I’ve been collecting art for a long time, and now my family claims that my lifestyle is bordering on hoarding. I love each and every piece I own, and there is a story behind each one. It’s become an all-consuming activity to search for the next perfect piece. But I am of the firm belief that a true collector never sells. Do you have any advice on how I can control my impulses when collecting, and what are your thoughts on selling work? 

Conner: We’ve worked with many people who are very earnest collectors, and still able to sell art from their collection. I don’t believe selling makes them any less a collector, or any less connected or passionate about the artists, their work, and why they acquired the works in the first place. Eventually, the art will outlive us and it will be passed down or sold, and quite possibly to someone who loves it as much, or more. 

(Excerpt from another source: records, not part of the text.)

Lemma ClinD (U W : lmodType C) (f : U -> W) : Clinear f -> {morph f : x y / x + y}.
Proof. by move=> hf x y; have := hf 1 x y; rewrite !scale1r. Qed.
Lemma ClinN (U W : lmodType C) (f : U -> W) : Clinear f -> {morph f : x / - x}.
Proof. by move=> hf; case: (additive0N (ClinD hf)). Qed.
Lemma ClinB (U W : lmodType C) (f : U -> W) : Clinear f -> {morph f : x y / x - y}.
Proof. by move=> hf x y; rewrite ClinD // ClinN. Qed.
Lemma ClinZ (U W : lmodType C) (f : U -> W) : Clinear f -> forall c x, f (c *: x) = c *: f x.
Proof.
move=> hf c x; have := hf c x 0; rewrite !addr0 => ->.
by case: (additive0N (ClinD hf)) => -> _; rewrite addr0.
Qed.

Lemma CfunD (U : lmodType C) (f : U -> C) : Cfunctional f -> {morph f : x y / x + y}.
Proof. by move=> hf x y; have := hf 1 x y; rewrite scale1r mul1r. Qed.
Lemma Cfun0 (U : lmodType C) (f : U -> C) : Cfunctional f -> f 0 = 0.
Proof. by move=> hf; case: (additive0N (CfunD hf)). Qed.
Lemma CfunB (U : lmodType C) (f : U -> C) : Cfunctional f -> {morph f : x y / x - y}.
Proof. by move=> hf x y; rewrite CfunD //; case: (additive0N (CfunD hf)) => _ ->. Qed.
Lemma CfunZ (U : lmodType C) (f : U -> C) : Cfunctional f -> forall c x, f (c *: x) = c * f x.
Proof. by move=> hf c x; have := hf c x 0; rewrite !addr0 Cfun0 // addr0. Qed.

(* On a finitely generated projective module U, a C-linear functional all of
   whose values annihilate U vanishes: U is a retract of a free module C^n,
   and the coordinates of s (L y *: x) are L y times those of s x.  This is
   what turns a derivation-valued identity into an identity of functions. *)
Lemma annihilating_functional_eq0 (U : lmodType C) (L : U -> C) :
  fg_projective U -> Cfunctional L -> (forall y (x : U), L y *: x = 0) ->
  forall y, L y = 0.
Proof.
case=> n [s [r [hs [hr hrs]]]] hL hann y.
have L_r v : L (r v) = \sum_(k < n) v 0 k * L (r 'e_k).
  rewrite {1}(row_sum_delta v).
  rewrite (big_morph (fun w => L (r w)) (id1 := 0) (op1 := +%R)); first last.
  - by case: (additive0N (ClinD hr)) => -> _; rewrite Cfun0.
  - by move=> x1 x2 /=; rewrite ClinD // CfunD.
  by apply: eq_bigr => k _; rewrite ClinZ // CfunZ.
rewrite -(hrs y) L_r big1 // => k _.
have : s (L (r 'e_k) *: y) = 0.
  by rewrite hann; case: (additive0N (ClinD hs)).
rewrite ClinZ // => /(congr1 (fun m : 'rV[C]_n => m 0 k)); rewrite !mxE.
by rewrite mulrC.
Qed.

Lemma half_add_half : ((2%:R^-1 : K)%:A + (2%:R^-1 : K)%:A : C) = 1.
Proof.
rewrite -scalerDl; have two_neq0 : (2%:R : K) != 0 by rewrite pnatr_eq0.
have -> : (2%:R^-1 + 2%:R^-1 : K) = 1 by field.
by rewrite scale1r.
Qed.
End LinearMaps.

Section CourantIdentities.
Variables (K : numFieldType) (C : comAlgType K) (U : lmodType C)
  (pair : U -> U -> C) (br : U -> U -> U) (rho : U -> C -> C).
Hypothesis HC : is_courant pair br rho.

Let fgU : fg_projective U. Proof. by case: HC. Qed.
Let Hpair : nondeg_sym_pairing pair. Proof. by case: HC => _ []. Qed.
Let Hanchor : anchor rho. Proof. by case: HC => _ [_ []]. Qed.
Let Hbil : Kbilinear br. Proof. by case: HC => _ [_ [_ []]]. Qed.
Let HJ : forall phi phi1 phi2,
  br phi (br phi1 phi2) = br phi1 (br phi phi2) + br (br phi phi1) phi2.
Proof. by case: HC => _ [_ [_ [_ []]]]. Qed.
Let HL : forall phi (f : C) phi',
  br phi (f *: phi') = rho phi f *: phi' + f *: br phi phi'.
Proof. by case: HC => _ [_ [_ [_ [_ []]]]]. Qed.
Let HS : forall phi Dq,
  is_D pair rho (pair phi phi) Dq -> br phi phi = (2%:R^-1 : K)%:A *: Dq.
Proof. by case: HC => _ [_ [_ [_ [_ [_ []]]]]]. Qed.
Let HI : forall phi phi', rho phi (pair phi' phi') = 2%:R * pair (br phi phi') phi'.
Proof. by case: HC => _ [_ [_ [_ [_ [_ []]]]]]. Qed.

Lemma pair_sym u v : pair u v = pair v u. Proof. by case: Hpair. Qed.
Let pair_fun_r u : Cfunctional (pair u). Proof. by case: Hpair => _ [h _]; apply: h. Qed.
Let pair_fun_l v : Cfunctional (pair^~ v).
Proof. by move=> c x y; rewrite !(pair_sym _ v) pair_fun_r. Qed.
Let rho_fun f : Cfunctional (rho^~ f).
Proof. by case: Hanchor => h _ c u v; rewrite h. Qed.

Bibi: In one of the first projects I worked on in 2009, I helped one of the most important Middle Eastern art collectors archive their entire collection. Over 2,500 works, spanning over centuries, and mostly works of great value. While we were going through their storage, I found myself in a room where there were different compartments—one was filled with zippo lighters, the other with different types of pens, another one with all types of musical boxes. I was stunned. Everything was very organized, and did not feel like hoarding. And that collector told me: “If you have the heart of a collector, you will always find new things to collect.” In fact, I found out later that he also owned one of the largest collections of vintage cars! So do collect, but buy wisely. 

Conner: As for trying to control your collecting impulses, all I can say is: I understand.

Is there a database of any kind where one could research in what gallery, museum, institution, or private collection a particular work may be? 

Editor’s note: Not to our knowledge, but you should check out the Artnet Price Database if you’re interested in learning more about the art market!  

Bibi: And we are always here to help if we can!